#26 - How Many Secrets Do We Hold?
Today we ponder a fascinating question: what would the world be like if we could see inside each other? From Elon Musk's Neuralink brain chips to Chris Packham's beautiful exploration of neurodivergent minds, we explore the 'great and terrifying' possibilities of truly understanding one another.

There's always a lot of questions buzzing around in my mind. But when I wrote this Mimit, I don't think I knew anything about Neuralink, Elon Musk's brain chip. Perhaps I was imagining the possibility!
But in 2024 one was already inserted in a man's brain. According to Perplexity as of May this year, there're now three patients who've received the chip. That a chip can give a paralysed body the ability to move when connected to an electrical source, and allow it to direct actions to other devices simply by the power of thought is an enormous shift in human medicine.

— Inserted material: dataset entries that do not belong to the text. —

Definition cond_killed (R : realType) (Q : nat -> nat -> R) (N n x y : nat) : R :=
  killed Q N n x y / \sum_(0 <= z < N) killed Q N n x z.

(* Reversing time turns the conditional law into
     P_x(<-X_n = y | <-tau_(N) > n) = pi(y) K_n(y,x) / sum_z pi(z) K_n(z,x),
   where K_n(z,a) is the probability that the forward chain goes from z to a in n
   steps without leaving [0, N).  Write K_n(y,x) = G_(x+1)(y) - G_x(y), with
   G_k(y) = P_y(X_n < k, tau_(N) > n), and D_k = sum_z pi(z) G_k(z).  By monotonicity
   G_k is nonincreasing, so G_k(0) >= D_k.  By recurrence of 0, the killed chain from a
   fixed y reaches 0 in time with probability close to 1, and the strong Markov
   property gives G_k(y) >= (1 - d) G_k(0).  Since pi puts mass >= 1 - d on finitely
   many states, pi(y) G_k(y) = pi(y) D_k + O(d D_k).  Finally irreducibility gives a
   Harnack bound D_(x+1) <= C (D_(x+1) - D_x), so these errors are small compared with
   the normalisation D_(x+1) - D_x = sum_z pi(z) K_n(z,x). *)

From HB Require Import structures.
From mathcomp Require Import all_boot all_order all_algebra.
From mathcomp Require Import all_classical all_reals all_analysis.
From mathcomp Require Import ring lra.
Set Implicit Arguments.
Unset Strict Implicit.
Unset Printing Implicit Defensive.

Import Order.TTheory GRing.Theory Num.Theory numFieldNormedType.Exports.
Local Open Scope classical_set_scope.
Local Open Scope ring_scope.

Section RealSums.
Variable R : realType.
Implicit Types (u F : nat -> R) (l : R).

Lemma series_le_lim {u l} : (forall k, 0 <= u k) -> series u @ \oo --> l ->
  forall n, \sum_(0 <= k < n) u k <= l.
Proof.
move=> u_ge0 ul n.
have nd : nondecreasing_seq (series u) :=
  @nondecreasing_series _ u predT 0 (fun k _ _ => u_ge0 k).
by have := nondecreasing_cvgn_le nd (cvgP _ ul) n; rewrite (cvg_lim _ ul).
Qed.

Lemma series_gt_lim_sub {u l eps} : series u @ \oo --> l -> 0 < eps ->
  exists n, l - eps < \sum_(0 <= k < n) u k.
Proof.
move=> /cvgrPdist_lt ul eps_gt0; have [n _ /(_ n (leqnn n))] := ul eps eps_gt0.
by rewrite /series /= => h; exists n; rewrite ltrBlDr -ltrBlDl (le_lt_trans (ler_norm _)).
Qed.

Lemma nonneg_series_bounded u b : (forall k, 0 <= u k) ->
  (forall n, \sum_(0 <= k < n) u k <= b) ->
  cvgn (series u) /\ 0 <= limn (series u) <= b.
Proof.
move=> u_ge0 ub.
have nd : nondecreasing_seq (series u) :=
  @nondecreasing_series _ u predT 0 (fun k _ _ => u_ge0 k).
have cv : cvgn (series u).
  by apply: nondecreasing_is_cvgn nd _; exists b => _ [n _ <-]; exact: ub.
split => //; apply/andP; split; last by apply: limr_le => //; apply: nearW.
by apply: le_trans (nondecreasing_cvgn_le nd cv 0%N); rewrite /series /= big_geq.
Qed.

I quote below Musk's reply in a 2020 Twitter tweet, when asked : "Can Neuralink be used to retrain the part of the brain which is responsible for causing addiction or depression?
Musk replied: “For sure. This is both great and terrifying. Everything we’ve ever sensed or thought has been electrical signals. The early universe was just a soup of quarks and leptons. How did a very small piece of the universe start to think of itself as sentient?”
For sure. This is both great & terrifying. Everything we’ve ever sensed or thought has been electrical signals. The early universe was just a soup of quarks & leptons. How did a very small piece of the Universe start to think of itself as sentient?
— Elon Musk (@elonmusk) July 10, 2020
His very words, 'Both great and terrifying' stick in my brain. That's how I'd describe it too. Alas, it leaves me with perhaps more questions and fewer answers.
However, what does lessen the 'terrifying' part is a program currently, on BBC2 and iPlayer, where well known naturalist and broadcaster, Chris Packham has produced a television series titled, Inside Your Mind.
Autistic himself, his mission is to help neurodivergent individuals reveal, through personal and descriptive films, how their condition whether ADHD, or Dyslexia affects their everyday life. Many of them make exhausting efforts to mask their symptoms, fearing how the world will regard them. The fact that their neurodivergent brains work differently from the majority can present them with deep feelings of isolation and inferiority. The films revealed so clearly how not even family and closest friends had a true understanding of how they'd been affected. Yet many gifts and talents are part of both these conditions.
There films, for me, were as powerful as Musk's chip. They displayed courage, honesty, openness and love. If we can begin to understand one another as the Packham films demonstrated so brilliantly, it truly would be great.
Definitely not a tedious bother - and certainly not terrifying!